Lemma strongly_n_absorbing_seq L : strongly_n_absorbing n I ->
  size L = n.+1 -> (forall i, is_ideal (nth (fun _ => True) L i)) ->
  subI (iprod L) I -> exists2 i, (i < n.+1)%N & subI (iprod (rem_at i L)) I.
Proof.
case=> _ strong sizeL hL LI.
pose F (j : 'I_n.+1) := nth (fun _ => True) L j.
have FL : [seq F j | j <- enum 'I_n.+1] = L by apply: map_nth_enum.
have [|i iI] := strong F (fun j => hL j); first by rewrite FL.
by exists i; rewrite // -FL -map_enum_neq.
Qed.

Lemma strongly_n_absorbing_cond_c : strongly_n_absorbing n I -> cond_c n I.
Proof.
move=> strong t le_t_n Js x hJ not_sub r; split; last exact: colon_mixprod_omit.
move/(iprod_cons_princ_subP _ _ hI) => rI.
have sizeL : size (princ r :: mixseq x Js) = n.+1 by rewrite /= size_mixseq subnK.
have [[|i] lt_i_n] := strongly_n_absorbing_seq strong sizeL
  (fun i => is_ideal_nth_cons_mixseq x r i hJ) rI.
  by rewrite /rem_at /= drop0.
have -> : rem_at i.+1 (princ r :: mixseq x Js) = princ r :: rem_at i (mixseq x Js) by [].
move/(iprod_cons_princ_subP _ _ hI).
have lt_i_mt : (i < n - t + t)%N by rewrite subnK.
by case: (iprod_rem_at_mixseq x Js lt_i_mt) => [[i0 ->]|[j0 ->]] ri;
  [left; exists i0|right; exists j0].
Qed.

Lemma cond_c_cond_d : u_ring R -> cond_c n I -> cond_d n I.
Proof.
move=> uR cc t le_t_n Js x hJ not_sub.
pose G (o : 'I_(n - t + t)) := match split o with
  | inl i => colon I (mixprod_omit_x x Js i)
  | inr j => colon I (mixprod_omit_I x Js j) end.
have hG o : is_ideal (G o) by rewrite /G; case: split => ?; apply: is_ideal_colon.
have cover : subI (colon I (mixprod x Js)) (fun r => exists o, G o r).
  move=> r /(cc t le_t_n Js x hJ not_sub r) [[i ri]|[j rj]].
    by exists (unsplit (inl i)); rewrite /G unsplitK.
  by exists (unsplit (inr j)); rewrite /G unsplitK.
have [o oG] := uR _ _ _ (is_ideal_colon (mixprod x Js) hI) hG cover.
rewrite /G in oG; case: (split o) oG => [i|j] sub.
  by left; exists i => r; split=> [/sub //|ri]; apply: colon_mixprod_omit hI _; left; exists i.
by right; exists j => r; split=> [/sub //|rj]; apply: colon_mixprod_omit hI _; right; exists j.
Qed.

Lemma cond_d_cond_c : cond_d n I -> cond_c n I.
Proof.
move=> cd t le_t_n Js x hJ not_sub r; split; last exact: colon_mixprod_omit.
by case: (cd t le_t_n Js x hJ not_sub) => [[i /(_ r) []]|[j /(_ r) []]] ri _ /ri;
  [left; exists i|right; exists j].
Qed.

Lemma cond_c_n_absorbing : cond_c n I -> n_absorbing n I.
Proof.
move=> cc; split=> // a aI.
have := cc 0%N (leq0n n); rewrite subn0 => cc0.
pose x (i : 'I_n) := a (widen_ord (leqnSn n) i).
pose J0 (j : 'I_0) : R -> Prop := fun _ => True.
have mixE : mixprod x J0 = iprod [seq princ (x i) | i <- enum 'I_n & predT i].
  by rewrite /mixprod enum_ord0 cats0 filter_predT.
have [sub|not_sub] := classic (subI (mixprod x J0) I).
  exists ord_max; rewrite prod_ord_recr_cond eqxx mulr1.
  move: sub; rewrite mixE (iprod_princ_subP _ _ hI); congr I; apply: eq_bigl => i.
  by rewrite -(inj_eq val_inj) /= neq_ltn ltn_ord.
have [|[i]|[[]]] // := proj1 (cc0 J0 x (fun _ => is_ideal_setT) not_sub (a ord_max)).
  rewrite mixE; apply/(iprod_princ_subP _ _ (is_ideal_mul_preimage _ hI)).
  by rewrite mulrC; move: aI; rewrite big_ord_recr.
move=> ri; exists (widen_ord (leqnSn n) i).
rewrite prod_ord_recr_cond -(inj_eq val_inj) /= eq_sym neq_ltn ltn_ord mulrC.
move: ri; rewrite /mixprod_omit_x enum_ord0 cats0.
move/(iprod_princ_subP _ _ (is_ideal_mul_preimage _ hI)).
by congr I; congr (_ * _); apply: eq_bigl.
Qed.

End Equivalences.

End Ideals.

Theorem mainTheorem1 (R : comNzRingType) (n : nat) (I : R -> Prop) :
  @u_ring R -> (0 < n)%N -> pr_ideal I ->
  (strongly_n_absorbing n I <-> n_absorbing n I) /\
  (n_absorbing n I <-> cond_c n I) /\
  (cond_c n I <-> cond_d n I).
Proof.
(* The equivalences hold for every n. *)
move=> uR _ pI; split; [|split]; split.
- exact: strongly_n_absorbing_n_absorbing.
- exact: n_absorbing_strongly_n_absorbing.
- by move/(n_absorbing_strongly_n_absorbing pI uR); apply: strongly_n_absorbing_cond_c.
- exact: cond_c_n_absorbing.
- exact: cond_c_cond_d.
- exact: cond_d_cond_c.
Qed.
* * * * * * *
Instructions for the task » Could you copy each line in the listing above that includes the word "mixE"?

Response box »
have mixE : mixprod x J0 = iprod [seq princ (x i) | i <- enum 'I_n & predT i].
  move: sub; rewrite mixE (iprod_princ_subP _ _ hI); congr I; apply: eq_bigl => i.
  rewrite mixE; apply/(iprod_princ_subP _ _ (is_ideal_mul_preimage _ hI)).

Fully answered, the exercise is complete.